De pauselijke encycliek Rerum Novarum van 15 mei 1891 versterkte de opkomst van een georganiseerde christelijke arbeidersbeweging. Deze stond echter nog bijzonder zwak. Bij de eerste verkiezingen voor Arbeids- en Nijverheidsraden in de bedrijven in 1894, kwamen de socialisten overal naar voor als de grote overwinnaars.
Rerum Novarum was een dubbelzinnig document. Enerzijds werd ingegaan tegen het onrechtvaardige kapitalisme, maar anderzijds ook tegen het “collectief egoïstische” socialisme. Het document werd wel gebruikt om het streven naar zelfstandige arbeidersorganisaties te rechtvaardigen.
Tussen 1891 en 1914 werd de Belgische Volksbond het orgaan van de christen-democratie en werd daar de strijd geleverd tussen de corporatisten en de christen-democraten. In 1895 moest Helleputte ontslag nemen als voorzitter van de Volksbond en werd hij opgevolgd door Arthur Verhaegen. Dat was een uitdrukking van de ontwikkeling van een nieuwe krachtsverhouding tussen corporatisten en christen-democraten.
De Volksbond omvatte verschillende ziekenkassen, spaarkassen, toneelgroepen, boerenbonden, middenstandsgroepen,… De bond was verbonden aan de Katholieke Partij, wat leidde tot hevige conflicten. Zo waren er bijzonder scherpe conflicten tussen Charles Woeste van de Katholieke Partij en Arthur Verhaegen. In 1905 kreeg Verhaegen uiteindelijk pauselijke goedkeuring voor de Volksbond.
Ook in de kerk zelf was er een conflict tussen de arbeidersbevolking die in armoede leefde, en de rijke patroons en partijbonzen van de Katholieke Partij.

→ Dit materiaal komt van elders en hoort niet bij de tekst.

Lemma fits_extend_down a b P : 0 <= a -> 1 <= b -> fits a b P ->
  exists be, ge_val v be 0 /\ fits (a + 1) b (mk2 1 (be * varpi ^ a) 0 1 *m P).
Proof.
move=> ha hb hI.
have hB := hI (- a) (lexx _) ltac:(lia).
have hadj : adj varpi (z (- a)) (z (- a - 1)).
  apply: adj_sym; have := hz.1 (- a - 1); by rewrite subrK.
have [T [hT nT vT hTB]] := adj_transition hv hvarpi0 hvarpi hadj hB.
have [U [hU [[be [hbe eT]]|eT]]] := upper_index_form hv hvarpi0 hvarpi hT nT vT; have uU : U \in unitmx by case: hU.
- exists be; split => // j hj1 hj2.
  have [hj|->] : - a <= j \/ j = - a - 1 by lia.
  + rewrite mulmxA diagpi_upper -mulmxA; apply: rep_GL2o; first exact: hI.
    apply: (GL2o_upper hv) => //; apply: gv_mul_varpiX => //; lia.
  + have e : diagpi (- a - 1) *m (mk2 1 (be * varpi ^ a) 0 1 *m P) = varpi^-1 *: (invmx U *m (T *m (diagpi (- a) *m P))).
      rewrite eT -mulmxA mulKmx // !mulmxA scalemxAl /diagpi.
      have e1 : varpi ^ (- a) = varpi ^ (- a - 1) * varpi by rewrite -[in LHS](subrK 1 (- a)) (varpiXD hvarpi0) expr1z.
      have e2 : varpi ^ a = (varpi ^ (- a))^-1 by rewrite invr_expz opprK.
      have n1 : varpi ^ (- a - 1) != 0 by [].
      rewrite !mk2_mul mk2_scale e2 e1; congr (_ *m _); congr mk2; field_nz.
    rewrite e; apply: (rep_scale hv); last by rewrite invr_neq0.
    apply: rep_GL2o => //; exact: GL2o_inv.
- exfalso; apply: (hz.2 (- a)).
  have e : invmx U *m (T *m (diagpi (- a) *m P)) = diagpi (- a + 1) *m P.
    rewrite eT -mulmxA mulKmx // mulmxA /diagpi (varpiXD hvarpi0) expr1z mk2_mul.
    congr (_ *m _); congr mk2; ring.
  have h1 : rep (z (- a - 1)) (diagpi (- a + 1) *m P) by rewrite -e; apply: rep_GL2o => //; exact: GL2o_inv.
  exact: vert_eq (hI (- a + 1) ltac:(lia) ltac:(lia)) h1.
Qed.

Lemma fits_extend (n : nat) P : fits n (n + 1) P ->
  exists P' M, [/\ fits (n + 1) (n + 2) P', P' = M *m P, GL2o v M & allge v (M - 1%:M) n].
Proof.
move=> hI.
have [al [hal hI1]] := fits_extend_up (ltac:(lia) : 0 <= n%:Z) (ltac:(lia) : 1 <= n%:Z + 1) hI.
have [be [hbe hI2]] := fits_extend_down (ltac:(lia) : 0 <= n%:Z) (ltac:(lia) : 1 <= n%:Z + 1 + 1) hI1.
exists (mk2 1 (be * varpi ^ n) 0 1 *m (mk2 1 0 (al * varpi ^ (n%:Z + 1)) 1 *m P)).
exists (mk2 1 (be * varpi ^ n) 0 1 *m mk2 1 0 (al * varpi ^ (n%:Z + 1)) 1); split.
- have e : n%:Z + 1 + 1 = n%:Z + 2 by ring.
  by rewrite e in hI2.
- by rewrite mulmxA.
- apply: (GL2o_mul hv); [apply: (GL2o_upper hv) | apply: (GL2o_lower hv)]; apply: gv_mul_varpiX => //; lia.
- rewrite mk2_mul mk2_one mk2_opp mk2_add allge_mk2.
  have g1 : ge_val v (be * varpi ^ n) n by rewrite -[n%:Z]add0r; apply: (gvM hv) => //; exact: gv_varpiX.
  have g2' : ge_val v (al * varpi ^ (n%:Z + 1)) (0 + (n%:Z + 1)) by apply: (gvM hv) => //; exact: gv_varpiX.
  have g2 : ge_val v (al * varpi ^ (n%:Z + 1)) n by apply: gv_le g2' _; lia.
  split; rewrite ?mulr1 ?mul1r ?mulr0 ?addr0 ?add0r ?subrr ?oppr0 ?addr0 //; try exact: gv0.
  rewrite addrC addKr; apply: gv_le; first exact: (gvM hv) g1 g2.
  lia.
Qed.

Lemma fits_sequence : exists Ps : nat -> 'M[F]_2,
  forall n : nat, [/\ fits n (n + 1) (Ps n),
    (exists2 U, GL2o v U & Ps n = U *m Ps 0%N) &
    (exists2 M, Ps n.+1 = M *m Ps n & allge v (M - 1%:M) n)].
Proof.
have [P0 h0] := fits_init.
have step : forall (n : nat) (P : 'M[F]_2), exists P', fits n (n + 1) P ->
    exists M, [/\ fits (n + 1) (n + 2) P', P' = M *m P, GL2o v M & allge v (M - 1%:M) n].
  move=> n P; case: (classic (fits n (n + 1) P)) => h.
  - by have [P' [M hh]] := fits_extend h; exists P' => _; exists M.
  - by exists P => h'.
pose f n P := proj1_sig (constructive_indefinite_description _ (step n P)).
have hf (n : nat) (P : 'M[F]_2) : fits n (n + 1) P -> exists M,
    [/\ fits (n + 1) (n + 2) (f n P), f n P = M *m P, GL2o v M & allge v (M - 1%:M) n].
  exact: (proj2_sig (constructive_indefinite_description _ (step n P))).
pose Ps n := iteri n f P0.
have inv : forall n : nat, fits n (n + 1) (Ps n) /\ exists2 U, GL2o v U & Ps n = U *m P0.
  elim => [|n [ih [U hU eU]]].
  - by split => //; exists 1%:M; [exact: (GL2o_1 hv)|rewrite mul1mx].
  - have [M [h1 h2 h3 h4]] := hf n (Ps n) ih.
    split.
    + have e : fits (n + 1)%N (n + 2)%N (Ps n.+1) := h1.
      by move: e; rewrite -[(n.+1 + 1)%R]/(n.+1 + 1)%N !addn1 addn2.
    + exists (M *m U); first exact: (GL2o_mul hv).
      by change (Ps n.+1) with (f n (Ps n)); rewrite h2 eU mulmxA.
exists Ps => n; have [ih hU] := inv n; split => //.
have [M [_ h2 _ h4]] := hf n (Ps n) ih.
by exists M => //; change (Ps n.+1) with (f n (Ps n)).
Qed.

Beide vleugels werden samengehouden door hun anti-socialisme, wat versterkt werd door de anti-klerikale houding van de socialisten.
Om de invloed van de socialisten tegen te gaan, werden er van bovenaf vakbonden opgezet. Zo kwam er in 1886 de Anti-socialistische Katoenbewerkersbond Recht en Plicht in Gent. De Anti-socialistische Werkliedenbond in Gent overkoepelde een aantal christelijke vakbewegingen en had een eigen dagblad, Het Volk.
De christelijke arbeidersbeweging stond relatief sterk in Gent dat haar bastion was. Elders ontwikkelde deze beweging zich vanuit de gilden waarbij de patroons uit de gilden verdwenen. In 1904 werd het Algemeen Secretariaat der Christelijke Beroepsverenigingen opgericht, wat in 1912 werd omgevormd tot het Algemeen Christelijk Vakverbond (ACV).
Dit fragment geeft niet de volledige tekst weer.